Bei der Analyse der vollständigen Zitatensammlung lassen sich mehrere zentrale Narrative identifizieren:
- Das Narrativ der Stärke und Abschreckung: Am deutlichsten von Rutte („Frieden durch Stärke“) und Netanjahu (direkte militärische Ziele) ausgedrückt. Es appelliert an die Erwartungen einer aggressiveren Außenpolitik.
- Das Narrativ der transatlantischen Beständigkeit: Dominiert die Aussagen europäischer Führer (Scholz, von der Leyen, Meloni). Sein Ziel ist es, den Status quo in den Bündnissen zu zementieren, trotz Trumps bekannter Skepsis gegenüber multilateralen Institutionen.
- Das Narrativ des wirtschaftlichen Pragmatismus: Wird von Trudeau und anderen Handelspartnern vertreten. Es zielt darauf ab, Beziehungen zu entpolitisieren und den gegenseitig vorteilhaften Handel zu schützen.
- Das Narrativ des Dialogs und Neustarts: Seine Verfechter sind Erdoğan (Vermittler) und al-Sharaa (Paria). Sie sehen in Trumps neuer Amtszeit ein „Fenster der Gelegenheit“ zur Beilegung langwieriger Konflikte oder zum Ausbruch aus der Isolation.
Diese Narrative schließen sich nicht immer gegenseitig aus und vermischen sich oft in einer einzigen Botschaft, wie bei Starmer, der historische Bindungen und eine starke Partnerschaft verband.

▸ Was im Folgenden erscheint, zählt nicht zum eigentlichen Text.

(* Let $(C,\mathfrak p,\mathfrak d)$ be a regular $q$-cycle coalgebra with $\mathfrak p_{11}^1\ne0$. Then $\mathfrak d=\mathfrak p$ (equivalently, the associated solution of the braid equation is involutive).
   Context: $K$ is an algebraically closed field of characteristic $0$ and $n\ge2$. $C$ is the coalgebra dual to $K[y]/\langle y^n\rangle$: basis $x_0,\dots,x_{n-1}$, $\Delta(x_i)=\sum_{j+k=i}x_j\otimes x_k$, $\epsilon(x_i)=\delta_{i0}$; $C\otimes C$ has the tensor product coalgebra structure; Sweedler notation $\Delta(b)=b_{(1)}\otimes b_{(2)}$. For linear maps $\mathfrak p,\mathfrak d\colon C\otimes C\to C$ write $a\cdot b=\mathfrak p(a\otimes b)$, $a:b=\mathfrak d(a\otimes b)$, $\mathfrak p(x_i\otimes x_j)=\sum_{k=0}^{n-1}\mathfrak p_{ij}^kx_k$, $\mathfrak d(x_i\otimes x_j)=\sum_{k=0}^{n-1}\mathfrak d_{ij}^kx_k$. A triple $(C,\mathfrak p,\mathfrak d)$ with $\mathfrak p,\mathfrak d$ coalgebra morphisms is a regular $q$-magma coalgebra if there are coalgebra morphisms $a\otimes b\mapsto a^b$, $a\otimes b\mapsto a_b$ from $C\otimes C$ to $C$ with $a^{b_{(1)}}\cdot b_{(2)}=(a\cdot b_{(1)})^{b_{(2)}}=\epsilon(b)a$ and $(a:b_{(2)})_{b_{(1)}}=a_{b_{(2)}}:b_{(1)}=\epsilon(b)a$. It is a regular $q$-cycle coalgebra if moreover for all $a,b,c$: (1) $(a\cdot b_{(1)})\cdot(c:b_{(2)})=(a\cdot c_{(2)})\cdot(b\cdot c_{(1)})$; (2) $(a\cdot b_{(1)}):(c\cdot b_{(2)})=(a:c_{(2)})\cdot(b:c_{(1)})$; (3) $(a:b_{(1)}):(c:b_{(2)})=(a:c_{(2)}):(b\cdot c_{(1)})$. *)

From HB Require Import structures.
From mathcomp Require Import all_boot all_order all_algebra.
Set Implicit Arguments. Unset Strict Implicit. Unset Printing Implicit Defensive.
Import GRing.Theory.
Local Open Scope ring_scope.

(* The coalgebra C dual to K[y]/<y^n>: elements are coefficient row vectors
   'rV[K]_n w.r.t. the basis x_0,...,x_{n-1}; Delta(x_i) = sum_{j+k=i} x_j (x) x_k,
   eps(x_i) = delta_{i0}. *)

(* structure constants f_{ij}^k of a linear map C (x) C -> C *)
Definition sconst (K : nzRingType) (n : nat) := 'I_n -> 'I_n -> 'I_n -> K.

Definition bx {K : nzRingType} {n : nat} (i : 'I_n) : 'rV[K]_n := delta_mx 0 i.

Definition bil (K : nzRingType) (n : nat) (f : sconst K n) (a b : 'rV[K]_n)
  : 'rV[K]_n :=
  \sum_(i < n) \sum_(j < n) (a 0 i * b 0 j) *: \row_(k < n) f i j k.

Definition eps (K : nzRingType) (n : nat) (a : 'rV[K]_n) : K :=
  \sum_(i < n | val i == 0%N) a 0 i.

(* coefficient of x_s (x) x_t in Delta(b) *)
Definition cop (K : nzRingType) (n : nat) (b : 'rV[K]_n) (s t : 'I_n) : K :=
  \sum_(m < n | val m == (s + t)%N) b 0 m.

(* Sweedler sum: sw F b = F(b_(1), b_(2)) for F bilinear *)
Definition sw (K : nzRingType) (n : nat) (F : 'rV[K]_n -> 'rV[K]_n -> 'rV[K]_n)
  (b : 'rV[K]_n) : 'rV[K]_n :=
  \sum_(s < n) \sum_(t < n) cop b s t *: F (bx s) (bx t).

(* the linear map with structure constants f is a coalgebra morphism
   C (x) C -> C (C (x) C with the tensor product coalgebra structure);
   checked on the basis x_i (x) x_j of C (x) C. *)
Definition coalg_morph (K : nzRingType) (n : nat) (f : sconst K n) : Prop :=
  (forall i j k l : 'I_n,
      \sum_(m < n | val m == (k + l)%N) f i j m =
      \sum_(a < n) \sum_(b < n) \sum_(c < n) \sum_(e < n)
         (if ((a + b)%N == val i) && ((c + e)%N == val j)
          then f a c k * f b e l else 0))
  /\ (forall i j : 'I_n,
      eps (\row_(k < n) f i j k) =
      (if (val i == 0%N) && (val j == 0%N) then 1 else 0)).

(* regular q-magma coalgebra (p, d coalgebra morphisms assumed separately):
   u encodes a (x) b |-> a^b and v encodes a (x) b |-> a_b *)
Definition regular_qmagma (K : nzRingType) (n : nat) (p d : sconst K n) : Prop :=
  exists u v : sconst K n, coalg_morph u /\ coalg_morph v /\
   forall a b : 'rV[K]_n,
     [/\ sw (fun b1 b2 => bil p (bil u a b1) b2) b = eps b *: a,
         sw (fun b1 b2 => bil u (bil p a b1) b2) b = eps b *: a,
         sw (fun b1 b2 => bil v (bil d a b2) b1) b = eps b *: a &
         sw (fun b1 b2 => bil d (bil v a b2) b1) b = eps b *: a].

Definition qcycle_ids (K : nzRingType) (n : nat) (p d : sconst K n) : Prop :=
  forall a b c : 'rV[K]_n,
    [/\ sw (fun b1 b2 => bil p (bil p a b1) (bil d c b2)) b
        = sw (fun c1 c2 => bil p (bil p a c2) (bil p b c1)) c,
        sw (fun b1 b2 => bil d (bil p a b1) (bil p c b2)) b
        = sw (fun c1 c2 => bil p (bil d a c2) (bil d b c1)) c &
        sw (fun b1 b2 => bil d (bil d a b1) (bil d c b2)) b
        = sw (fun c1 c2 => bil d (bil d a c2) (bil p b c1)) c].

Definition regular_qcycle (K : nzRingType) (n : nat) (p d : sconst K n) : Prop :=
  [/\ coalg_morph p, coalg_morph d, regular_qmagma p d & qcycle_ids p d].

(* Write alpha, beta, gamma for the structure constants f_{10}^1, f_{01}^1, f_{11}^1 of a
   coalgebra morphism f : C (x) C -> C.  Compatibility with the coproduct expresses f_{ij}^{k+1}
   through the constants with targets x_1 and x_k.  Hence f_{ij}^k = 0 for k > i + j,
   f_{i0}^i = alpha^i, f_{i1}^{i+1} = (i+1) alpha^i beta, and the top degree n - 1 gives
   n alpha^(n-1) beta = 0.  Regularity makes alpha invertible for p and for d, so both betas vanish
   in characteristic 0, and the first q-cycle identity on (x_1, x_1, x_0) and (x_1, x_0, x_1) forces
   both alphas to be 1; then f_{i1}^i = i gamma.  Put delta_{ij} = d_{ij}^1 - p_{ij}^1.  If delta
   vanishes in total degree < m, the x_1-coefficients of the first two q-cycle identities on basis
   elements give delta_{ji} = - delta_{ij} and (m - 1) gamma delta_{ij} = 0 in degree m, i > 0.
   So delta = 0 by induction on m, and the coproduct recursion propagates d = p to every target. *)

From HB Require Import structures.
From mathcomp Require Import all_boot all_order all_algebra.
From mathcomp Require Import zify ring.
Set Implicit Arguments. Unset Strict Implicit. Unset Printing Implicit Defensive.
Import GRing.Theory.
Local Open Scope ring_scope.

(* lia treats [val x] and [nat_of_ord x] as unrelated atoms; reverting the arithmetic
   hypotheses and simplifying unfolds the former into the latter. *)
Ltac ord_lia :=
  repeat match goal with
  | H : is_true (leq _ _) |- _ => revert H
  | H : @eq ?T _ _ |- _ => unify T nat; revert H
  | H : ~ @eq ?T _ _ |- _ => unify T nat; revert H
  | H : @eq ?T _ _ -> _ |- _ => unify T nat; revert H
  end; rewrite /=; lia.

Section FourfoldSums.
Variables (V : zmodType) (I : finType).
Implicit Types (F G : I -> I -> I -> I -> V).

Lemma sum4E F :
  \sum_a \sum_b \sum_c \sum_e F a b c e =
  \sum_(q : I * I * I * I) F q.1.1.1 q.1.1.2 q.1.2 q.2.
Proof. by rewrite pair_big pair_big pair_big. Qed.

Lemma sum4_supp1 F a0 b0 c0 e0 :
    (forall a b c e, F a b c e != 0 -> (a, b, c, e) = (a0, b0, c0, e0)) ->
  \sum_a \sum_b \sum_c \sum_e F a b c e = F a0 b0 c0 e0.
Proof.
move=> F_supp; rewrite sum4E (big_only1 (a0, b0, c0, e0)) // => -[[[a b] c] e] q_ne _.
by apply: contraNeq q_ne => /F_supp ->.
Qed.

Lemma sum4_supp2 F a1 b1 c1 e1 a2 b2 c2 e2 :
    (a1, b1, c1, e1) != (a2, b2, c2, e2) ->
    (forall a b c e, F a b c e != 0 ->
       (a, b, c, e) = (a1, b1, c1, e1) \/ (a, b, c, e) = (a2, b2, c2, e2)) ->
  \sum_a \sum_b \sum_c \sum_e F a b c e = F a1 b1 c1 e1 + F a2 b2 c2 e2.
Proof.
move=> q12 F_supp; rewrite sum4E (bigD1 (a1, b1, c1, e1)) //.
rewrite (bigD1 (a2, b2, c2, e2)) 1?eq_sym //=.
rewrite big1 ?addr0 // => -[[[a b] c] e] /andP[q_ne2 q_ne1].
have [//|/F_supp[] q_eq] := eqVneq (F a b c e) 0; by rewrite q_eq eqxx in q_ne1 q_ne2.
Qed.

Lemma eq_sum4 F G : (forall a b c e, F a b c e = G a b c e) ->
  \sum_a \sum_b \sum_c \sum_e F a b c e = \sum_a \sum_b \sum_c \sum_e G a b c e.
Proof. by move=> FG; rewrite !sum4E; apply: eq_bigr. Qed.

Lemma sum4_eq0 F :
  (forall a b c e, F a b c e = 0) -> \sum_a \sum_b \sum_c \sum_e F a b c e = 0.
Proof. by move=> F0; rewrite sum4E big1. Qed.

Lemma sum4B F G :
  \sum_a \sum_b \sum_c \sum_e F a b c e - \sum_a \sum_b \sum_c \sum_e G a b c e =
  \sum_a \sum_b \sum_c \sum_e (F a b c e - G a b c e).
Proof. by rewrite !sum4E -sumrB. Qed.

Lemma sum4D F G :
  \sum_a \sum_b \sum_c \sum_e (F a b c e + G a b c e) =
  \sum_a \sum_b \sum_c \sum_e F a b c e + \sum_a \sum_b \sum_c \sum_e G a b c e.
Proof. by rewrite !sum4E -big_split. Qed.

End FourfoldSums.

Arguments sum4_supp1 {V I F} a0 b0 c0 e0.
Arguments sum4_supp2 {V I F} a1 b1 c1 e1 a2 b2 c2 e2.

Lemma if_mul_neq0 (R : idomainType) (c : bool) (x y : R) :
  (if c then x * y else 0) != 0 -> [/\ c, x != 0 & y != 0].
Proof. by case: c; rewrite ?eqxx // mulf_eq0 negb_or => /andP[-> ->]. Qed.

Lemma if_mul3_neq0 (R : idomainType) (c : bool) (x y z : R) :
  (if c then x * y * z else 0) != 0 -> [/\ c, x != 0, y != 0 & z != 0].
Proof. by case: c; rewrite ?eqxx // !mulf_eq0 !negb_or => /andP[/andP[-> ->] ->]. Qed.

Section BasisCoefficients.
Variables (K : nzRingType) (n : nat).
Implicit Types (f g h : sconst K n) (i j k s t B : 'I_n).

Lemma bxE i j : (bx i : 'rV[K]_n) 0 j = (i == j)%:R.
Proof. by rewrite /bx mxE eqxx eq_sym. Qed.

Lemma bilE f a b k : (bil f a b) 0 k = \sum_i \sum_j a 0 i * b 0 j * f i j k.
Proof.
by rewrite summxE; apply: eq_bigr => i _; rewrite summxE; apply: eq_bigr => j _; rewrite !mxE.
Qed.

Abschließende Gedanken: Die Welt bereitet sich auf „echte Deals“ vor
Die erste Welle internationaler Reaktionen auf Trumps Amtseinführung zeigte, dass das globale Establishment, in Erinnerung an die Erfahrungen seiner ersten Amtszeit, keine Illusionen hegt. Stattdessen demonstriert es die Bereitschaft zu harten Verhandlungen und zur kompromisslosen Verteidigung eigener Interessen. Europa erinnert an seine Stärke und Einheit, der Nahe Osten erwartet aktive, möglicherweise gewaltsame Lösungen, und Handelspartner wollen die Wirtschaft vor politischen Stürmen schützen. Die Ukraine, wie aus Selenskyjs Erklärung hervorgeht, nimmt eine Position des strategischen Pragmatismus ein, bereit zum Dialog in Schlüsselfragen der Sicherheit und des Wiederaufbaus.

Die Antrittsrede des neuen US-Präsidenten setzte den Ton im Inland, aber erst diese Antworten aus dem Ausland umreißen die Konturen der Herausforderungen, denen er sich auf der internationalen Bühne gegenübersehen wird. Die Welt, so scheint es, erwartet keine „Flitterwochen“, sondern kommt sofort zur Sache – der Diskussion „echter Deals“ in den Bereichen Sicherheit, Handel und Konfliktlösung. Wie der finnische Präsident Alexander Stubb anmerkte, bleiben die USA ein „wichtiger strategischer Partner“, doch die Art dieser Partnerschaft wird erneut auf die Probe gestellt.